* Assignment *
When you reach the entries below, transcribe each line word for word.

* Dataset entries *
# # # # #
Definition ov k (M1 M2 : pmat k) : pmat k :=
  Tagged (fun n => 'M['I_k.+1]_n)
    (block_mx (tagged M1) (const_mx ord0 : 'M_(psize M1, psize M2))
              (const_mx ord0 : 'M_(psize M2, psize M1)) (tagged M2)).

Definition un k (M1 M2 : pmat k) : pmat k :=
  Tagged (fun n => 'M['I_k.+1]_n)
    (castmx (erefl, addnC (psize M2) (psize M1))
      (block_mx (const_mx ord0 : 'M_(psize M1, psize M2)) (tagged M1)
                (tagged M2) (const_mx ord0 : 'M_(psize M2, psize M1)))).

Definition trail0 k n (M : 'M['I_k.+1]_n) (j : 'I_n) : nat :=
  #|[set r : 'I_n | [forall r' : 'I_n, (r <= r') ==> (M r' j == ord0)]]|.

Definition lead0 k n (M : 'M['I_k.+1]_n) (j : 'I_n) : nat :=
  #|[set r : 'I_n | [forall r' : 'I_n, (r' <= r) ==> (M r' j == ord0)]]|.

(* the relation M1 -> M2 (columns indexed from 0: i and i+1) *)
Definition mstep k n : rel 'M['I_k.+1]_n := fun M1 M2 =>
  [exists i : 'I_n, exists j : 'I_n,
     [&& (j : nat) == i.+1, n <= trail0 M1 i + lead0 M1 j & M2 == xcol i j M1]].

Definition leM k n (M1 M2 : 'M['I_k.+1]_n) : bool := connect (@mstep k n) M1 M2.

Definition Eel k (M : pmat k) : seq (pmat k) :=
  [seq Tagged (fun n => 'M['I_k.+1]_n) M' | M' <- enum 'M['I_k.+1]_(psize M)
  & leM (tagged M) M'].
# # # # #
* Result below *
Definition ov k (M1 M2 : pmat k) : pmat k :=
  Tagged (fun n => 'M['I_k.+1]_n)
    (block_mx (tagged M1) (const_mx ord0 : 'M_(psize M1, psize M2))
              (const_mx ord0 : 'M_(psize M2, psize M1)) (tagged M2)).

Definition un k (M1 M2 : pmat k) : pmat k :=
  Tagged (fun n => 'M['I_k.+1]_n)
    (castmx (erefl, addnC (psize M2) (psize M1))
      (block_mx (const_mx ord0 : 'M_(psize M1, psize M2)) (tagged M1)
                (tagged M2) (const_mx ord0 : 'M_(psize M2, psize M1)))).

Definition trail0 k n (M : 'M['I_k.+1]_n) (j : 'I_n) : nat :=
  #|[set r : 'I_n | [forall r' : 'I_n, (r <= r') ==> (M r' j == ord0)]]|.

Definition lead0 k n (M : 'M['I_k.+1]_n) (j : 'I_n) : nat :=
  #|[set r : 'I_n | [forall r' : 'I_n, (r' <= r) ==> (M r' j == ord0)]]|.

(* the relation M1 -> M2 (columns indexed from 0: i and i+1) *)
Definition mstep k n : rel 'M['I_k.+1]_n := fun M1 M2 =>
  [exists i : 'I_n, exists j : 'I_n,
     [&& (j : nat) == i.+1, n <= trail0 M1 i + lead0 M1 j & M2 == xcol i j M1]].

Definition leM k n (M1 M2 : 'M['I_k.+1]_n) : bool := connect (@mstep k n) M1 M2.

Definition Eel k (M : pmat k) : seq (pmat k) :=
  [seq Tagged (fun n => 'M['I_k.+1]_n) M' | M' <- enum 'M['I_k.+1]_(psize M)
  & leM (tagged M) M'].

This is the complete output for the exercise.